A story mode in a Mortal Kombat game seems a little odd but it works surprisingly well. Expectations aren’t exactly high for a campaign, considering the most given to us is a semi-broken, half-ass brawler in Tekken games. Here, it is much more realized. The story takes places in an alternate time line where Raiden sends a vision to his past self to correct the future.
The structure is told in chapters, with each character highlighting a few fights then seamlessly moving to the next playable fighter. “Seamless” is the key word here because there is no visible loading to keep you out of the experience. You fight, then immediately watch a pre-rendered cutscene (which allows for the background loading), then get directly launched into a fight. This works extremely well in the game’s favor so you don’t get time to get impatient.
The content (kontent?) of the story is more engaging than you’d think as a lot of these fighters have been around for two decades, giving you time to get familiar. I cared what happened and there were some shocking things to happen to a lot of the characters. The story could have been better, but given the genre’s incredibly low bar for it, Mortal Kombat has set the structure on how to do a story mode.

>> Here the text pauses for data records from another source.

(* Let $\zeta_3=\int_0^\infty \frac{\mathrm{d}t}{\sqrt{1+t^6}}$ and let $\mathrm{sleafh}_3:(-\zeta_3,\zeta_3)\to\mathbb{R}$ be the hyperbolic leaf function of basis $3$. For every real $l$ with $2l\in(-\zeta_3,\zeta_3)$, $$\mathrm{sleafh}_3(2l)=\frac{2\,\mathrm{sleafh}_3(l)\sqrt{1+(\mathrm{sleafh}_3(l))^6}}{\sqrt{1-8(\mathrm{sleafh}_3(l))^6}}.$$
   Context: For a natural number $n$, let $\zeta_n=\int_0^\infty \frac{\mathrm{d}t}{\sqrt{1+t^{2n}}}$. The hyperbolic leaf function $\mathrm{sleafh}_n$ is the solution $r(l)$ on $(-\zeta_n,\zeta_n)$ of $\frac{\mathrm{d}^2r}{\mathrm{d}l^2}=n\,r^{2n-1}$ with $r(0)=0$, $r'(0)=1$; equivalently it is the inverse function of $r\mapsto \int_0^r \frac{\mathrm{d}t}{\sqrt{1+t^{2n}}}$, $r\in\mathbb{R}$. *)

From Stdlib Require Import Reals Lra ClassicalEpsilon.
From Coquelicot Require Import Coquelicot.
Open Scope R_scope.

Definition leafF (n : nat) (r : R) : R :=
  RInt (fun t => / sqrt (1 + t ^ (2 * n))) 0 r.

Definition zeta (n : nat) : Rbar := Lim (leafF n) p_infty.

Definition sleafh (n : nat) (l : R) : R :=
  epsilon (inhabits 0) (fun r => leafF n r = l).

(* With u = s^6, the identity (1 - 8u)^3 + 64u(1 + u)^3 = (1 + 20u - 8u^2)^2 makes
   sqrt (1 + double3 s ^ 6) rational in s, sqrt (1 + s^6) and sqrt (1 - 8 s^6), and the
   derivative of leafF 3 (double3 s) comes out as twice that of leafF 3 s.  Hence
   leafF 3 (double3 s) = 2 leafF 3 s while 8 s^6 < 1.  As s increases to 2^(-1/2),
   double3 s sweeps out [0, +oo), so zeta 3 = 2 leafF 3 (2^(-1/2)); for |2l| < zeta 3
   the point s = sleafh 3 l therefore lies in that range, and sleafh 3 (2l) = double3 s. *)

From Stdlib Require Import Reals Lra Lia ClassicalEpsilon.
From Coquelicot Require Import Coquelicot.
Open Scope R_scope.

Definition leaf_integrand (n : nat) (t : R) : R := / sqrt (1 + t ^ (2 * n)).

Section LeafIntegral.

Variable n : nat.

Lemma pow_even_ge0 (t : R) : 0 <= t ^ (2 * n).
Proof. rewrite pow_mult. apply pow_le, pow2_ge_0. Qed.

Lemma leaf_integrand_pos (t : R) : 0 < leaf_integrand n t.
Proof.
  pose proof (pow_even_ge0 t).
  apply Rinv_0_lt_compat, sqrt_lt_R0. lra.
Qed.

Lemma leaf_integrand_le1 (t : R) : leaf_integrand n t <= 1.
Proof.
  pose proof (pow_even_ge0 t).
  assert (H1 : 1 <= sqrt (1 + t ^ (2 * n))).
  { rewrite <- sqrt_1 at 1. apply sqrt_le_1_alt. lra. }
  apply (Rinv_le_contravar 1) in H1; [|lra].
  now rewrite Rinv_1 in H1.
Qed.

Lemma leaf_integrand_opp (t : R) : leaf_integrand n (- t) = leaf_integrand n t.
Proof. unfold leaf_integrand. rewrite !pow_mult. now replace ((- t) ^ 2) with (t ^ 2) by ring. Qed.

Lemma continuous_leaf_integrand (t : R) : continuous (leaf_integrand n) t.
Proof.
  pose proof (pow_even_ge0 t).
  apply (ex_derive_continuous (leaf_integrand n)). unfold leaf_integrand. auto_derive.
  assert (0 < sqrt (1 + t ^ (2 * n))) by (apply sqrt_lt_R0; lra).
  change (n + (n + 0))%nat with (2 * n)%nat.
  repeat split; lra.
Qed.

Lemma ex_RInt_leaf_integrand (a b : R) : ex_RInt (leaf_integrand n) a b.
Proof. apply (ex_RInt_continuous (V := R_CompleteNormedModule)). intros; apply continuous_leaf_integrand. Qed.

Lemma is_derive_leafF (x : R) : is_derive (leafF n) x (leaf_integrand n x).
Proof.
  apply (is_derive_RInt _ _ 0).
  - exists (mkposreal 1 Rlt_0_1). intros y _.
    apply (RInt_correct (V := R_CompleteNormedModule)), ex_RInt_leaf_integrand.
  - apply continuous_leaf_integrand.
Qed.

Lemma continuous_leafF (x : R) : continuous (leafF n) x.
Proof. apply (ex_derive_continuous (leafF n)). eexists. apply is_derive_leafF. Qed.

Lemma leafF_0 : leafF n 0 = 0.
Proof. apply (RInt_point (V := R_CompleteNormedModule)). Qed.

Lemma leafF_lt (x y : R) : x < y -> leafF n x < leafF n y.
Proof.
  intro h. apply (incr_function _ m_infty p_infty (leaf_integrand n)); try easy.
  - intros; apply is_derive_leafF.
  - intros; apply leaf_integrand_pos.
Qed.

Lemma leafF_lt_reg (x y : R) : leafF n x < leafF n y -> x < y.
Proof.
  intro h. destruct (Rlt_le_dec x y) as [lt|[gt|<-]]; trivial.
  - apply leafF_lt in gt. lra.
  - lra.
Qed.

Lemma leafF_inj (x y : R) : leafF n x = leafF n y -> x = y.
Proof.
  intro E. destruct (Rtotal_order x y) as [h|[h|h]]; trivial;
  apply leafF_lt in h; lra.
Qed.

Lemma leafF_opp (x : R) : leafF n (- x) = - leafF n x.
Proof.
  unfold leafF.
  rewrite <- Ropp_0 at 1.
  rewrite <- (RInt_comp (V := R_CompleteNormedModule) _ Ropp (fun _ => -1)).
  - rewrite <- (RInt_opp (V := R_CompleteNormedModule)) by apply ex_RInt_leaf_integrand.
    apply RInt_ext. intros y _.
    change (-1 * leaf_integrand n (- y) = - leaf_integrand n y).
    rewrite leaf_integrand_opp. ring.
  - intros; apply continuous_leaf_integrand.
  - intros y _. split.
    + now auto_derive.
    + apply continuous_const.
Qed.

Lemma leafF_sub_le (x y : R) : x <= y -> leafF n y - leafF n x <= y - x.
Proof.
  intro hxy.
  assert (Chasles : leafF n x + RInt (leaf_integrand n) x y = leafF n y).
  { apply (RInt_Chasles (V := R_CompleteNormedModule)); apply ex_RInt_leaf_integrand. }
  assert (Length : RInt (fun _ => 1) x y = y - x).
  { rewrite RInt_const. apply Rmult_1_r. }
  enough (RInt (leaf_integrand n) x y <= RInt (fun _ => 1) x y) by lra.
  apply RInt_le; trivial.
  - apply ex_RInt_leaf_integrand.
  - apply ex_RInt_const.
  - intros; apply leaf_integrand_le1.
Qed.

Lemma sleafh_eq (r l : R) : leafF n r = l -> sleafh n l = r.
Proof.
  intro E. apply leafF_inj. unfold sleafh.
  rewrite E. apply (epsilon_spec (inhabits 0) (fun r => leafF n r = l)).
  now exists r.
Qed.

Lemma leafF_surj (r l : R) : Rabs l < leafF n r -> exists s, Rabs s < r /\ leafF n s = l.
Proof.
  intro hl.
  pose proof (Rabs_pos l).
  assert (r_pos : 0 < r) by (apply leafF_lt_reg; rewrite leafF_0; lra).
  destruct (Rabs_def2 _ _ hl) as [hl_lt hl_gt].
  destruct (IVT_gen_consistent (leafF n) (- r) r l continuous_leafF) as [s [hs hsl]].
  { rewrite leafF_opp, Rmin_left, Rmax_right; lra. }
  rewrite Rmin_left, Rmax_right in hs by lra.
  exists s. split; trivial.
  apply Rabs_def1.
  - destruct (proj2 hs) as [lt | ->]; [exact lt | lra].
  - destruct (proj1 hs) as [lt | <-]; [exact lt |].
    rewrite leafF_opp in hsl. lra.
Qed.

End LeafIntegral.

Definition double3 (s : R) : R := 2 * s * sqrt (1 + s ^ 6) / sqrt (1 - 8 * s ^ 6).

Definition r3 : R := / sqrt 2.

Lemma pow6_ge0 (s : R) : 0 <= s ^ 6.
Proof. exact (pow_even_ge0 3 s). Qed.

Lemma r3_pos : 0 < r3.
Proof. apply Rinv_0_lt_compat, sqrt_lt_R0. lra. Qed.

Lemma r3_sqr : r3 ^ 2 = / 2.
Proof.
  unfold r3. rewrite pow_inv, <- Rsqr_pow2, Rsqr_sqrt; lra.
Qed.

Lemma r3_pow6 : 8 * r3 ^ 6 = 1.
Proof. replace (r3 ^ 6) with ((r3 ^ 2) ^ 3) by ring. rewrite r3_sqr. field. Qed.

Lemma double3_domain (s : R) : Rabs s < r3 -> 0 < 1 - 8 * s ^ 6.
Proof.
  intro hs.
  assert (h2 : s ^ 2 < / 2).
  { rewrite <- r3_sqr, <- (pow2_abs s).
    pose proof (Rabs_pos s). pose proof r3_pos. nra. }
  pose proof (pow2_ge_0 s).
  replace (s ^ 6) with ((s ^ 2) ^ 3) by ring.
  set (u := s ^ 2) in *.
  nra.
Qed.

Section Doubling.

Variable s : R.
Hypothesis hs : 0 < 1 - 8 * s ^ 6.

Let A := sqrt (1 + s ^ 6).
Let B := sqrt (1 - 8 * s ^ 6).
Let P := 1 + 20 * s ^ 6 - 8 * s ^ 12.

Let A_pos : 0 < A.
Proof. apply sqrt_lt_R0. pose proof (pow6_ge0 s). lra. Qed.

Let B_pos : 0 < B.
Proof. now apply sqrt_lt_R0. Qed.

Let A_sqr : A * A = 1 + s ^ 6.
Proof. apply sqrt_sqrt. pose proof (pow6_ge0 s). lra. Qed.

Let B_sqr : B * B = 1 - 8 * s ^ 6.
Proof. apply sqrt_sqrt. lra. Qed.

Lemma is_derive_double3 : is_derive double3 s (2 * P / (A * B ^ 3)).
Proof.
  unfold double3. auto_derive;
    change (s * (s * (s * (s * (s * (s * 1)))))) with (s ^ 6);
    change (1 + - (8 * s ^ 6)) with (1 - 8 * s ^ 6); fold A B.
  - pose proof (pow6_ge0 s). repeat split; lra.
  - change (s * (s * (s * (s * (s * 1))))) with (s ^ 5).
    unfold P. field_simplify_eq; [| lra..].
    replace (A ^ 2) with (A * A) by ring. replace (B ^ 2) with (B * B) by ring.
    rewrite A_sqr, B_sqr. ring.
Qed.

Lemma sqrt_1_add_double3_pow6 : sqrt (1 + double3 s ^ 6) = P / B ^ 3.
Proof.
  pose proof (pow6_ge0 s).
  assert (P_pos : 0 < P) by (unfold P; nra).
  apply sqrt_lem_1.
  - pose proof (pow6_ge0 (double3 s)). lra.
  - apply Rlt_le, Rdiv_lt_0_compat; [exact P_pos | now apply pow_lt].
  - unfold double3. fold A B.
    replace ((2 * s * A / B) ^ 6) with (64 * s ^ 6 * (A * A) ^ 3 / (B * B) ^ 3) by (field; lra).
    replace (P / B ^ 3 * (P / B ^ 3)) with (P ^ 2 / (B * B) ^ 3) by (field; lra).
    rewrite A_sqr, B_sqr. unfold P. field. lra.
Qed.

Lemma is_derive_leafF3_double3 :
  is_derive (fun t => leafF 3 (double3 t)) s (2 * leaf_integrand 3 s).
Proof.
  replace (2 * leaf_integrand 3 s)
    with (scal (2 * P / (A * B ^ 3)) (leaf_integrand 3 (double3 s))).
  - apply (is_derive_comp (leafF 3) double3); [apply is_derive_leafF | apply is_derive_double3].
  - change (2 * P / (A * B ^ 3) * leaf_integrand 3 (double3 s) = 2 * leaf_integrand 3 s).
    unfold leaf_integrand.
    change (2 * 3)%nat with 6%nat. rewrite sqrt_1_add_double3_pow6. fold A.
    assert (0 < P) by (pose proof (pow6_ge0 s); unfold P; nra).
    field. lra.
Qed.

End Doubling.

Lemma double3_0 : double3 0 = 0.
Proof. unfold double3. rewrite pow_i by lia. unfold Rdiv. ring. Qed.

Lemma leafF3_double3 (s : R) : Rabs s < r3 -> leafF 3 (double3 s) = 2 * leafF 3 s.
Proof.
  intro hs.
  set (h := fun t => leafF 3 (double3 t) - 2 * leafF 3 t).
  assert (h_derive : forall t, Rabs t <= Rabs s -> is_derive h t zero).
  { intros t ht.
    assert (D := is_derive_minus _ _ t _ _
                   (is_derive_leafF3_double3 t (double3_domain t ltac:(lra)))
                   (is_derive_scal (leafF 3) t 2 _ (is_derive_leafF 3 t))).
    rewrite minus_eq_zero in D. exact D. }
  assert (h_0 : h 0 = 0).
  { unfold h. rewrite double3_0, leafF_0. ring. }
  enough (h s = 0) by (unfold h in *; lra).
  rewrite <- h_0.
  destruct (Rtotal_order s 0) as [hneg|[->|hpos]]; trivial.
  - apply eq_is_derive; trivial.
    intros t ht. apply h_derive. rewrite !Rabs_left1; lra.
  - symmetry. apply eq_is_derive; trivial.
    intros t ht. apply h_derive. rewrite !Rabs_pos_eq; lra.
Qed.

Lemma continuous_sqrt_comp (f : R -> R) (x : R) :
  ex_derive f x -> continuous (fun s => sqrt (f s)) x.
Proof.
  intro hf. apply (continuous_comp f sqrt).
  - now apply (ex_derive_continuous f).
  - apply continuous_sqrt.
Qed.

Lemma double3_surj (y : R) : 0 <= y -> exists s, 0 <= s < r3 /\ double3 s = y.
Proof.
  intro hy.
  set (k := fun s => y * sqrt (1 - 8 * s ^ 6) - 2 * s * sqrt (1 + s ^ 6)).
  assert (k_cont : forall s, continuous k s).
  { intro s. apply (continuous_minus (fun s => y * sqrt (1 - 8 * s ^ 6))
                                     (fun s => 2 * s * sqrt (1 + s ^ 6))).
    - apply (continuous_mult (fun _ => y) (fun s => sqrt (1 - 8 * s ^ 6))).
      + apply continuous_const.
      + apply (continuous_sqrt_comp (fun s => 1 - 8 * s ^ 6)). now auto_derive.
    - apply (continuous_mult (fun s => 2 * s)).
      + apply (ex_derive_continuous (fun s => 2 * s)). now auto_derive.
      + apply (continuous_sqrt_comp (fun s => 1 + s ^ 6)). now auto_derive. }
  pose proof r3_pos. pose proof r3_pow6.
  assert (k_0 : k 0 = y).
  { unfold k. rewrite pow_i by lia. rewrite Rmult_0_r, Rminus_0_r, Rplus_0_r, sqrt_1. ring. }
  assert (k_r3 : k r3 < 0).
  { unfold k. replace (1 - 8 * r3 ^ 6) with 0 by lra. rewrite sqrt_0.
    assert (0 < sqrt (1 + r3 ^ 6)) by (apply sqrt_lt_R0; pose proof (pow6_ge0 r3); lra).
    nra. }
  destruct (IVT_gen_consistent k 0 r3 0 k_cont) as [s [hs ks]].
  { rewrite k_0, Rmin_right, Rmax_left; lra. }
  rewrite Rmin_left, Rmax_right in hs by lra.
  assert (s <> r3) by (intros ->; lra).
  assert (hs' : 0 <= s < r3) by lra.
  exists s. split; trivial.
  assert (0 < sqrt (1 - 8 * s ^ 6)).
  { apply sqrt_lt_R0, double3_domain. rewrite Rabs_pos_eq; lra. }
  unfold k in ks. unfold double3.
  field_simplify_eq; lra.
Qed.

Lemma is_lim_leafF3 : is_lim (leafF 3) p_infty (2 * leafF 3 r3).
Proof.
  apply is_lim_spec. intros eps. simpl.
  pose proof (cond_pos eps). pose proof r3_pos.
  set (s1 := Rmax 0 (r3 - eps / 4)).
  assert (s1_ge : 0 <= s1 /\ r3 - eps / 4 <= s1) by (split; [apply Rmax_l | apply Rmax_r]).
  assert (s1_lt : s1 < r3) by (unfold s1, Rmax; destruct Rle_dec; lra).
  assert (s1_dom : Rabs s1 < r3) by (rewrite Rabs_pos_eq; lra).
  assert (double3_s1 : 0 <= double3 s1).
  { unfold double3. apply Rmult_le_pos.
    - apply Rmult_le_pos; [lra | apply sqrt_pos].
    - apply Rlt_le, Rinv_0_lt_compat, sqrt_lt_R0, double3_domain, s1_dom. }
  exists (double3 s1). intros x hx.
  destruct (double3_surj x ltac:(lra)) as [s [hs <-]].
  assert (s_dom : Rabs s < r3) by (rewrite Rabs_pos_eq; lra).
  assert (s1_lt_s : s1 < s).
  { apply (leafF_lt_reg 3), (Rmult_lt_reg_l 2); [lra |].
    rewrite <- !leafF3_double3 by assumption. now apply leafF_lt. }
  rewrite leafF3_double3 by assumption.
  pose proof (leafF_lt 3 s r3 (proj2 hs)).
  pose proof (leafF_sub_le 3 s r3 (Rlt_le _ _ (proj2 hs))).
  rewrite Rabs_left; lra.
Qed.

Lemma zeta3_eq : zeta 3 = Finite (2 * leafF 3 r3).
Proof. apply is_lim_unique, is_lim_leafF3. Qed.

Theorem mainTheorem10 (l : R) :
  Rbar_lt (Rbar_opp (zeta 3)) (Finite (2 * l)) ->
  Rbar_lt (Finite (2 * l)) (zeta 3) ->
  sleafh 3 (2 * l) =
    2 * sleafh 3 l * sqrt (1 + (sleafh 3 l) ^ 6) / sqrt (1 - 8 * (sleafh 3 l) ^ 6).
Proof.
  rewrite zeta3_eq. simpl. intros hlo hhi.
  destruct (leafF_surj 3 r3 l) as [s [hs hsl]].
  { apply Rabs_def1; lra. }
  rewrite (sleafh_eq 3 s l hsl).
  change (sleafh 3 (2 * l) = double3 s).
  apply sleafh_eq.
  now rewrite leafF3_double3, hsl.
Qed.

Story mode isn’t perfect though. Switching characters is good to give you a chance to experiment but what is not cool is how the odds are stacked. In almost every chapter, you’ll be facing two characters against just your one person. Beating what is essentially four rounds isn’t easy and given your familiarity character, can make it a bit hellish to succeed. In one instance, you’ll be pitted against Goro and Kintaro with a character you literally just unlocked. I won’t lie, I had to be mostly cheap to win these matches to save frustration which is a sign of bad game design.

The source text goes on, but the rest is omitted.